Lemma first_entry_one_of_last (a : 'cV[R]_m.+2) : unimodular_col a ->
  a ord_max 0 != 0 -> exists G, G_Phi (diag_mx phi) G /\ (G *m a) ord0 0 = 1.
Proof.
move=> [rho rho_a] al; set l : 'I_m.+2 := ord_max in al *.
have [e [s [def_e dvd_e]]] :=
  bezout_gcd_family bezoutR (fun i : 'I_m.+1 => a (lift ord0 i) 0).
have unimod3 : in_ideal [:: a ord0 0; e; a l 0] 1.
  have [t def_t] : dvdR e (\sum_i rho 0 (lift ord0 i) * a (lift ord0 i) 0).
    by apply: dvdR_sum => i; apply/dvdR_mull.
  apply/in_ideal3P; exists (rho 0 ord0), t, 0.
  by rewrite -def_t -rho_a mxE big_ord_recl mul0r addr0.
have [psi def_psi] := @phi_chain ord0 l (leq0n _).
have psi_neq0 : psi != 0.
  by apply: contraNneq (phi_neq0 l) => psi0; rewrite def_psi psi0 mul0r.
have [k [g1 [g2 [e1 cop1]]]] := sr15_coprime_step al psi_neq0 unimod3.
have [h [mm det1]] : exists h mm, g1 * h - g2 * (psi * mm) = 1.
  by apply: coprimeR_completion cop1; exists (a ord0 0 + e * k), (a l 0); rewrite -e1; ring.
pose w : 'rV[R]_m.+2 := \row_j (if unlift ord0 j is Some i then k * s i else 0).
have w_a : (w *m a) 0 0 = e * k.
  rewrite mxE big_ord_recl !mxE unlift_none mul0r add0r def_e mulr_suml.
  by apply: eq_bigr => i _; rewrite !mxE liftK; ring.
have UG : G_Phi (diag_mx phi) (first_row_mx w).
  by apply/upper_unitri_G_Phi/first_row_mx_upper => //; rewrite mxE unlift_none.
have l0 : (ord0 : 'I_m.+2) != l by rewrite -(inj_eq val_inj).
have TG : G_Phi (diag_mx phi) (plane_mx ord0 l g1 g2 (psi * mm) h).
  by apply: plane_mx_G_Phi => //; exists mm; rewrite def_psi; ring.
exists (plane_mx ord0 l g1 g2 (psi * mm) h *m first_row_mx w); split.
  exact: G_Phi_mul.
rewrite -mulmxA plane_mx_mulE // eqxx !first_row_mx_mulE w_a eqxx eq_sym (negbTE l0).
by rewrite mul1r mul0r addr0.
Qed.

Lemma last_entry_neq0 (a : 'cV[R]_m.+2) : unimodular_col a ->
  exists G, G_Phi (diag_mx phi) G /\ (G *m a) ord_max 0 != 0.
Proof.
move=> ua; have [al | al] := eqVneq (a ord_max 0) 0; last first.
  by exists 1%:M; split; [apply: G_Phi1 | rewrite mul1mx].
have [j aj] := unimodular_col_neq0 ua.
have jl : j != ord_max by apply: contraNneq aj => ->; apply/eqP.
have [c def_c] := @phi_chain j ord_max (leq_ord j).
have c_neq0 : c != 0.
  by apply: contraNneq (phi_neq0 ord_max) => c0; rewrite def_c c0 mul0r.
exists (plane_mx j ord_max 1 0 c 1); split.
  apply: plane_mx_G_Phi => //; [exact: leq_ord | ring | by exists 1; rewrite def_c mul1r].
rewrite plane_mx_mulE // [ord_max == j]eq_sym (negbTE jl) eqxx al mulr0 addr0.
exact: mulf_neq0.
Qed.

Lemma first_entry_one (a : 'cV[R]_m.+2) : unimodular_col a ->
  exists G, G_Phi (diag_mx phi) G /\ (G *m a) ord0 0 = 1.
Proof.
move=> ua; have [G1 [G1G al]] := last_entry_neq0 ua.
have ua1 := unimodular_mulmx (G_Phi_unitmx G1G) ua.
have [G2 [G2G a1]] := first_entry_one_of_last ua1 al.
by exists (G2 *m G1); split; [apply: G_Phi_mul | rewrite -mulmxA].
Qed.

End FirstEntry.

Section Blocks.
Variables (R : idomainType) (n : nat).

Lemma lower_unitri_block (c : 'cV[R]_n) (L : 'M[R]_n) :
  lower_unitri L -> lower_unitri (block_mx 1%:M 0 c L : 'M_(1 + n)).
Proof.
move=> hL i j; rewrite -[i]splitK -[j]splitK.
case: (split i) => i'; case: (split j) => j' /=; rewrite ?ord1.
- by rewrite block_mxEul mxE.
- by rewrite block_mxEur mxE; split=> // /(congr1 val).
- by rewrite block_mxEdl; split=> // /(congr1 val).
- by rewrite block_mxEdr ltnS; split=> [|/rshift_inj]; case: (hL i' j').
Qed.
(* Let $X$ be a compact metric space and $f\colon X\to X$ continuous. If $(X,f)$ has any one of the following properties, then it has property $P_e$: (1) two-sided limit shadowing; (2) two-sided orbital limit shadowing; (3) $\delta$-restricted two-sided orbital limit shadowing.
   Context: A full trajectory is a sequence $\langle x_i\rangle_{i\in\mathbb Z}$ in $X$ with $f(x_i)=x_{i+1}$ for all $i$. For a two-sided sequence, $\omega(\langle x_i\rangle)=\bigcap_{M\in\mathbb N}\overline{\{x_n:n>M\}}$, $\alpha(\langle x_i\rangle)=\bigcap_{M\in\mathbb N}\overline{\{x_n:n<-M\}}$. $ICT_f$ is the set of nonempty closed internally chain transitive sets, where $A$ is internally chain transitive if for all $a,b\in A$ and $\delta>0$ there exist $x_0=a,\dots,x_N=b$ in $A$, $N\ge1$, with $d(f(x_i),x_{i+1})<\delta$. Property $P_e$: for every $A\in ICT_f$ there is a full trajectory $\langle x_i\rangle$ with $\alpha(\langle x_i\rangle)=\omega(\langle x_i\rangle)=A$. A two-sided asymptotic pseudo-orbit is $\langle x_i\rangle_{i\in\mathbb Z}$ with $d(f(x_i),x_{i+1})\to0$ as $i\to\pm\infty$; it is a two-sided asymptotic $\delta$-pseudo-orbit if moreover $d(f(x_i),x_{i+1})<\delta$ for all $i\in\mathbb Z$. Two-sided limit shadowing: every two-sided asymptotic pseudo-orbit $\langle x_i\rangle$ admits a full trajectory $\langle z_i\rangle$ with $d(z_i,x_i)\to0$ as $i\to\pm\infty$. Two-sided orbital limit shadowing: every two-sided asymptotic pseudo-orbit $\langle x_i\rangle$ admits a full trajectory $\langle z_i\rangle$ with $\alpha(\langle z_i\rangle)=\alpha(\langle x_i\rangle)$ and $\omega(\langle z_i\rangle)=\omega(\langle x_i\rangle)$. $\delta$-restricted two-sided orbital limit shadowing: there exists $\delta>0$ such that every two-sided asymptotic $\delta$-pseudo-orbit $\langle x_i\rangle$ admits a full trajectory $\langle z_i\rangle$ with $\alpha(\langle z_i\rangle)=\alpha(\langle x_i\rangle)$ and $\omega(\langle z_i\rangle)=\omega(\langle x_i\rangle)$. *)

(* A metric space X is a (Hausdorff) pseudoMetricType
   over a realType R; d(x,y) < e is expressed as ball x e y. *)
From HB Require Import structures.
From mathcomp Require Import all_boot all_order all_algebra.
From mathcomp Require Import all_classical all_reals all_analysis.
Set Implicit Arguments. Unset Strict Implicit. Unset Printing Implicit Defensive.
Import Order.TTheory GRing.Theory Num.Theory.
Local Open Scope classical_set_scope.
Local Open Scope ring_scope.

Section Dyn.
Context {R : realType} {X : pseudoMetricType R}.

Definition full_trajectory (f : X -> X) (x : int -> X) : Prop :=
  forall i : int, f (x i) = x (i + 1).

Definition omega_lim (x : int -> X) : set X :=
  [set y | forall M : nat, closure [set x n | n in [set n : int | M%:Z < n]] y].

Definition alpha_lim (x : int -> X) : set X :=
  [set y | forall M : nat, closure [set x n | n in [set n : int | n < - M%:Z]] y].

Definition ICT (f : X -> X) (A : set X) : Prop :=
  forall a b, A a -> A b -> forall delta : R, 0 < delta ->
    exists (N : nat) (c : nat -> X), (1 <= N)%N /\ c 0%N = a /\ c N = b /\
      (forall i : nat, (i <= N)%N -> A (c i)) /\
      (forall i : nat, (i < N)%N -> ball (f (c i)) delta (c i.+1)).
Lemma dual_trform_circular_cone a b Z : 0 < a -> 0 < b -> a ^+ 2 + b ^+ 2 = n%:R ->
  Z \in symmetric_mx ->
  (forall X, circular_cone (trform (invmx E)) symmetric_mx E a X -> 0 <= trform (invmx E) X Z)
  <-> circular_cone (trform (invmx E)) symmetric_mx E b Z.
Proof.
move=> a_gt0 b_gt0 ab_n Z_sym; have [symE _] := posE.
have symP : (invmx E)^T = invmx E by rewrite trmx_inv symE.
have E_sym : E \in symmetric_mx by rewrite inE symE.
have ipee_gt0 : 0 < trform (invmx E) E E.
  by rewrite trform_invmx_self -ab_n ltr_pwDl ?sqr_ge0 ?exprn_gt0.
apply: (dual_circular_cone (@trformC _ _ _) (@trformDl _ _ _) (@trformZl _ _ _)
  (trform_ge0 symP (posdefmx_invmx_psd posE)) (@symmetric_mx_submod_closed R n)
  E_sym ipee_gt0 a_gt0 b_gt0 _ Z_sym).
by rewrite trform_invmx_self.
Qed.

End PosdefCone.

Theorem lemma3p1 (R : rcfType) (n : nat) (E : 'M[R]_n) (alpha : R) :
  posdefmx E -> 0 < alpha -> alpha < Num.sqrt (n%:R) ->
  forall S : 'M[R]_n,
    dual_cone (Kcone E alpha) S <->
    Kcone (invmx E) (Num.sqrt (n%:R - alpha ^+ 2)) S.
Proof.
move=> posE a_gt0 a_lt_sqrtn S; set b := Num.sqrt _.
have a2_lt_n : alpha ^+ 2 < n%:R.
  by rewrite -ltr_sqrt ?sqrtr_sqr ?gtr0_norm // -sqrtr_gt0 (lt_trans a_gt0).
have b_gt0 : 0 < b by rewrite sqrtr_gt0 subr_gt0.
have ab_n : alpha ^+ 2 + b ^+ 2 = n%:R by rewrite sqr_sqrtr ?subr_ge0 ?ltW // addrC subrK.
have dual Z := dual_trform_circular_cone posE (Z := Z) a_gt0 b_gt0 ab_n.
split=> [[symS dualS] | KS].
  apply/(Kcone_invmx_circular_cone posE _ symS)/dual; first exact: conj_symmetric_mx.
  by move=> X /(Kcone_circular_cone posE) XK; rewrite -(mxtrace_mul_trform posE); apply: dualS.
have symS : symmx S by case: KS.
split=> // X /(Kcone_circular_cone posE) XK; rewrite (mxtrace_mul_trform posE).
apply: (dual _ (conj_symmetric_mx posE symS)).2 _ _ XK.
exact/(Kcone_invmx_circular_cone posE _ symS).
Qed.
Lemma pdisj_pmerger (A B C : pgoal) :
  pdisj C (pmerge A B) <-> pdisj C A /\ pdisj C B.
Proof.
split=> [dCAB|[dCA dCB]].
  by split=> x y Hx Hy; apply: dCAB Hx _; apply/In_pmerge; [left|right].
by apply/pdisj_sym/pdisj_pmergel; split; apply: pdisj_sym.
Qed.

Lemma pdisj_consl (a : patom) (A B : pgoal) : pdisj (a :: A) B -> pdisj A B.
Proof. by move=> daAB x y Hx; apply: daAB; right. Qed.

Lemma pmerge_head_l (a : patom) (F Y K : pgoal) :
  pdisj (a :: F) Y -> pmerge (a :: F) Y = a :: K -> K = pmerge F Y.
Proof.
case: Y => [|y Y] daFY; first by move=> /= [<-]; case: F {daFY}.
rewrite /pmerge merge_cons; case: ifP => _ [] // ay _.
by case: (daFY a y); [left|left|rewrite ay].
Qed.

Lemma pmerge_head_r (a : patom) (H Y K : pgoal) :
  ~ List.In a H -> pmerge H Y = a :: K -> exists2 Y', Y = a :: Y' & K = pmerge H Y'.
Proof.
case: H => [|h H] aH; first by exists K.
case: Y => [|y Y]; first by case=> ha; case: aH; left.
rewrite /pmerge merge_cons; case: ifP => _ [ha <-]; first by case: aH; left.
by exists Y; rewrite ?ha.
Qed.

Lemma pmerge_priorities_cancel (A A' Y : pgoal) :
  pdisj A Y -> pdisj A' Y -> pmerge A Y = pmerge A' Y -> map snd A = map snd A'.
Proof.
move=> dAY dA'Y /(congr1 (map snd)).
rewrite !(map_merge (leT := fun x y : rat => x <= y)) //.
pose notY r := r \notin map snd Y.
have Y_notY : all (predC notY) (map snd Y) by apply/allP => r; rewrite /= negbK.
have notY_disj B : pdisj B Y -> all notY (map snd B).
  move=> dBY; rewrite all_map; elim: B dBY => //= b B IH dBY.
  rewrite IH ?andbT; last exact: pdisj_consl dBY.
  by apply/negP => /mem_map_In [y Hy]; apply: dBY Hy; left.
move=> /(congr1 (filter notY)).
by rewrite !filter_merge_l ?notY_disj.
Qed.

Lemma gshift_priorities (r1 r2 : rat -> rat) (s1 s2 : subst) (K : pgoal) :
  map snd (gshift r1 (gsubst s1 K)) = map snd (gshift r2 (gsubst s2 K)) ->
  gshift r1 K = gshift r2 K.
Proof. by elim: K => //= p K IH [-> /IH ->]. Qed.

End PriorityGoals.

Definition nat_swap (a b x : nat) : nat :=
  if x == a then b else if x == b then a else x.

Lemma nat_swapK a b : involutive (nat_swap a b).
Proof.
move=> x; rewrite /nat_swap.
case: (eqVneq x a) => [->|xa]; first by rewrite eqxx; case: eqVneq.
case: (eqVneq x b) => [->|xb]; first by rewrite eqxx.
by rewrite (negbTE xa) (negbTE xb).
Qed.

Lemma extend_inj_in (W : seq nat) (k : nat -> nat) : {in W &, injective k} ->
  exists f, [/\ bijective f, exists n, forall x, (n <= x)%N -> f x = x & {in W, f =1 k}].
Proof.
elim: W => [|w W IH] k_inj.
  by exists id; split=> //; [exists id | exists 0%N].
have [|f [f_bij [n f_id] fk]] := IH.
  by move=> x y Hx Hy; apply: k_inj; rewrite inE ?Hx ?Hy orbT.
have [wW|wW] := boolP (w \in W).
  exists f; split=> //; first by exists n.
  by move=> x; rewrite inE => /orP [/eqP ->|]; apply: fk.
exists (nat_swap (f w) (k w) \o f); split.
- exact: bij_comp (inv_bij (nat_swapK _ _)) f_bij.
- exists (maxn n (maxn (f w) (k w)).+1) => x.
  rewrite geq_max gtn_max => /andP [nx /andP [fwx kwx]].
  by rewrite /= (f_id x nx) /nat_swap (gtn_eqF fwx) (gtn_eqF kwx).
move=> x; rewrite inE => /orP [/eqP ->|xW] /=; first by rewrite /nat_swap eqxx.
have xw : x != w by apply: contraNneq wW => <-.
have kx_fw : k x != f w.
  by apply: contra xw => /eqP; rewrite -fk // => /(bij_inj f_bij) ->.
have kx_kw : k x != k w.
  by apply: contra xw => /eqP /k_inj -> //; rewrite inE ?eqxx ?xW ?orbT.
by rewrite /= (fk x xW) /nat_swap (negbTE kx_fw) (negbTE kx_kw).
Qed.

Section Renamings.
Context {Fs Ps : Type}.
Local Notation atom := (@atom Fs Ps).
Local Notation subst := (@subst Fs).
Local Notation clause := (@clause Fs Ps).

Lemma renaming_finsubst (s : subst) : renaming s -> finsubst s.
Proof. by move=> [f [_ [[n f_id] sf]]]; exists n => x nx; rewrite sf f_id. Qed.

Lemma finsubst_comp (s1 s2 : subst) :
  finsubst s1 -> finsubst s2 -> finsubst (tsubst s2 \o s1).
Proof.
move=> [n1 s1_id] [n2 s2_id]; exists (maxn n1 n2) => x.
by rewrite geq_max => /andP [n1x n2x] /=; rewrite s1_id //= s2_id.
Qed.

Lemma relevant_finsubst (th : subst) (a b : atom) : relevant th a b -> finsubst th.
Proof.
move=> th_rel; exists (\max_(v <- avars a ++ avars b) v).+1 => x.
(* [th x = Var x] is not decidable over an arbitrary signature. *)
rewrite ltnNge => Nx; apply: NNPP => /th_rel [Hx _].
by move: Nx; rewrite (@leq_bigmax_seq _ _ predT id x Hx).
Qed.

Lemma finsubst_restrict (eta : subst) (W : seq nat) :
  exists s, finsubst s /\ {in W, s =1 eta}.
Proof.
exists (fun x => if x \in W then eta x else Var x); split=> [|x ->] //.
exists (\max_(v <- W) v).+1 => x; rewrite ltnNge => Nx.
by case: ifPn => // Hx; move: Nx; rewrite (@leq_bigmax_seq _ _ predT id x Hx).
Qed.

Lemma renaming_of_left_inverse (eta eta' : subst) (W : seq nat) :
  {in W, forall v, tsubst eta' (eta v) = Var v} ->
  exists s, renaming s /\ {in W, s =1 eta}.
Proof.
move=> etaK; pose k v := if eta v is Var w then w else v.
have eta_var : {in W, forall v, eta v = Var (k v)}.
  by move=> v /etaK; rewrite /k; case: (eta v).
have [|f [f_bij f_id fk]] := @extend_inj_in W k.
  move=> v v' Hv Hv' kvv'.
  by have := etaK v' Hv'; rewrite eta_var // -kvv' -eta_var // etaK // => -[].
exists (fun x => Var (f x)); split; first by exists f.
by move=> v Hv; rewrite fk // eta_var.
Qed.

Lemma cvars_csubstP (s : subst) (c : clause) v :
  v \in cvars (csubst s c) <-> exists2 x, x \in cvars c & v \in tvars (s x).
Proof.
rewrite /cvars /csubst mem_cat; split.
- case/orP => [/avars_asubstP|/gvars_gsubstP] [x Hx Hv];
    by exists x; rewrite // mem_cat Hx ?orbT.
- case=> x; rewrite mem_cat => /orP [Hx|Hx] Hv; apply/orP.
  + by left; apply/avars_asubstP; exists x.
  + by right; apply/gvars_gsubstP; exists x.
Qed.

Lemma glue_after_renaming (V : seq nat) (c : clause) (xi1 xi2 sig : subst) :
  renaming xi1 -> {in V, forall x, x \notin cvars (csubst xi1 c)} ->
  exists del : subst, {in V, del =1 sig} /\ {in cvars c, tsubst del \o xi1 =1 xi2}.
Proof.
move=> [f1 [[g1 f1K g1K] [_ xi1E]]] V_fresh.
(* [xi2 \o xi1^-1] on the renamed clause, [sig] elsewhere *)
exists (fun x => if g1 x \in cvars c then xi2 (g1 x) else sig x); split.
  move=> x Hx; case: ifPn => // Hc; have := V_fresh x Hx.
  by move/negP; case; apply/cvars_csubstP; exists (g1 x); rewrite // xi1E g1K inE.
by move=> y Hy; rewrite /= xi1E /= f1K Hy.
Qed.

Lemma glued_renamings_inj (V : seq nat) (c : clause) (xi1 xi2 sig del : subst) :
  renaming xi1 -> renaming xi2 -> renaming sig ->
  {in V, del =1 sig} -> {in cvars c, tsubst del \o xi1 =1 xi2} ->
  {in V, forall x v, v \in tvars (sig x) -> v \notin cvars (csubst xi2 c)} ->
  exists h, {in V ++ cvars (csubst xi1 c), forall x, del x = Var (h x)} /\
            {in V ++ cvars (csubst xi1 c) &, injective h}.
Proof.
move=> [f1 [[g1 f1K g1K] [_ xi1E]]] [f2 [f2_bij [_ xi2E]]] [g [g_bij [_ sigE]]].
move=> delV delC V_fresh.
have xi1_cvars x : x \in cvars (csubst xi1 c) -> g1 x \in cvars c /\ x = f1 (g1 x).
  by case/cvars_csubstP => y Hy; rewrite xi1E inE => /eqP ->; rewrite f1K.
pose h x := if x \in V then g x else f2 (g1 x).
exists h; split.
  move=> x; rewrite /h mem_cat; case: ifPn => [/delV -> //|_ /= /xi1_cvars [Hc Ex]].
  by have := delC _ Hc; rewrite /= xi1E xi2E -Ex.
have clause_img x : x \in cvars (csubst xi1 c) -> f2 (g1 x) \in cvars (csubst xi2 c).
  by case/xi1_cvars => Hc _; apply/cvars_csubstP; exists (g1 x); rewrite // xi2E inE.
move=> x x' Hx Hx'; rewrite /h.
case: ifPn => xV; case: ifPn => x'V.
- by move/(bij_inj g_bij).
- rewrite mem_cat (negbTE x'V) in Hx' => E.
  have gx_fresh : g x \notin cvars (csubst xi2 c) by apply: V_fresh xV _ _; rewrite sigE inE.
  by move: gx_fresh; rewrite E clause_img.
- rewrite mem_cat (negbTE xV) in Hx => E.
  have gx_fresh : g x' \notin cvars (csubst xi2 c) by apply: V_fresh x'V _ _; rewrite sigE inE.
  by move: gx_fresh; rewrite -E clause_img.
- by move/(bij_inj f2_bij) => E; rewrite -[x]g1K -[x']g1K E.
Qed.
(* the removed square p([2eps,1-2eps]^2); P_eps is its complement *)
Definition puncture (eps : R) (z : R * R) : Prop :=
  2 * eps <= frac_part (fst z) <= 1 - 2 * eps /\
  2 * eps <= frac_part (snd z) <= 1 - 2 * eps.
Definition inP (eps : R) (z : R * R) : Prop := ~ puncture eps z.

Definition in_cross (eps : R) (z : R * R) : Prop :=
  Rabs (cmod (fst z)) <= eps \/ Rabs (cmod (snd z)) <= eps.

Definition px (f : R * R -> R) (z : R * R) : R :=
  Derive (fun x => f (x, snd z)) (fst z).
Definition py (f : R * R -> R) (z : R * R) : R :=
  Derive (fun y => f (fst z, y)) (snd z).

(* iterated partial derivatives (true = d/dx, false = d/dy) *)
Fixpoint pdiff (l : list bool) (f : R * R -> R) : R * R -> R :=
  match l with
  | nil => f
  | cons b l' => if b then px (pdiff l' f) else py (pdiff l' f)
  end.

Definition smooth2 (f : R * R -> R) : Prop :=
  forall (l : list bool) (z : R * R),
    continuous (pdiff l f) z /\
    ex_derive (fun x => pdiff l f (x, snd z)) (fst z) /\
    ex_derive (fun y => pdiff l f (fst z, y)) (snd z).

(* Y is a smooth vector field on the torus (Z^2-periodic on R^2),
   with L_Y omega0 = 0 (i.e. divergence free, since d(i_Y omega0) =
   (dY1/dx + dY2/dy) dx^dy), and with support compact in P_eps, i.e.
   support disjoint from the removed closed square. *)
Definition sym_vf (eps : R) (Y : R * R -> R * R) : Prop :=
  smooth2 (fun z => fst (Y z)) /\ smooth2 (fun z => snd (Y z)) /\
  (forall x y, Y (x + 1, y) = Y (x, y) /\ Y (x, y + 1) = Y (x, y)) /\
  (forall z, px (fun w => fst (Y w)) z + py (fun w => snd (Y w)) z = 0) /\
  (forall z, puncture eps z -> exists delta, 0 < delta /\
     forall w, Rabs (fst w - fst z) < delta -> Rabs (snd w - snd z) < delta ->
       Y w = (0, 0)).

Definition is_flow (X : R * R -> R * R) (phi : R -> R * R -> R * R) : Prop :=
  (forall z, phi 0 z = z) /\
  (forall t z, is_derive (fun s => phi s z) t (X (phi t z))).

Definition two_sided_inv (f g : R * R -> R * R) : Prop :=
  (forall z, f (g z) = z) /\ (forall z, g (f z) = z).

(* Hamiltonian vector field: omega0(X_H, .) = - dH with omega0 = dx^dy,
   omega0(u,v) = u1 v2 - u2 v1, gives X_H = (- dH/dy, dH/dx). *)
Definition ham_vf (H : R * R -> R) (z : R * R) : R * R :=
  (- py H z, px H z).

TASK DETAILS - Only the lines from the top of the data through the line that contains "have [k [g1" should be quoted, exactly as they stand.

THE ANSWER -
Lemma first_entry_one_of_last (a : 'cV[R]_m.+2) : unimodular_col a ->
  a ord_max 0 != 0 -> exists G, G_Phi (diag_mx phi) G /\ (G *m a) ord0 0 = 1.
Proof.
move=> [rho rho_a] al; set l : 'I_m.+2 := ord_max in al *.
have [e [s [def_e dvd_e]]] :=
  bezout_gcd_family bezoutR (fun i : 'I_m.+1 => a (lift ord0 i) 0).
have unimod3 : in_ideal [:: a ord0 0; e; a l 0] 1.
  have [t def_t] : dvdR e (\sum_i rho 0 (lift ord0 i) * a (lift ord0 i) 0).
    by apply: dvdR_sum => i; apply/dvdR_mull.
  apply/in_ideal3P; exists (rho 0 ord0), t, 0.
  by rewrite -def_t -rho_a mxE big_ord_recl mul0r addr0.
have [psi def_psi] := @phi_chain ord0 l (leq0n _).
have psi_neq0 : psi != 0.
  by apply: contraNneq (phi_neq0 l) => psi0; rewrite def_psi psi0 mul0r.
have [k [g1 [g2 [e1 cop1]]]] := sr15_coprime_step al psi_neq0 unimod3.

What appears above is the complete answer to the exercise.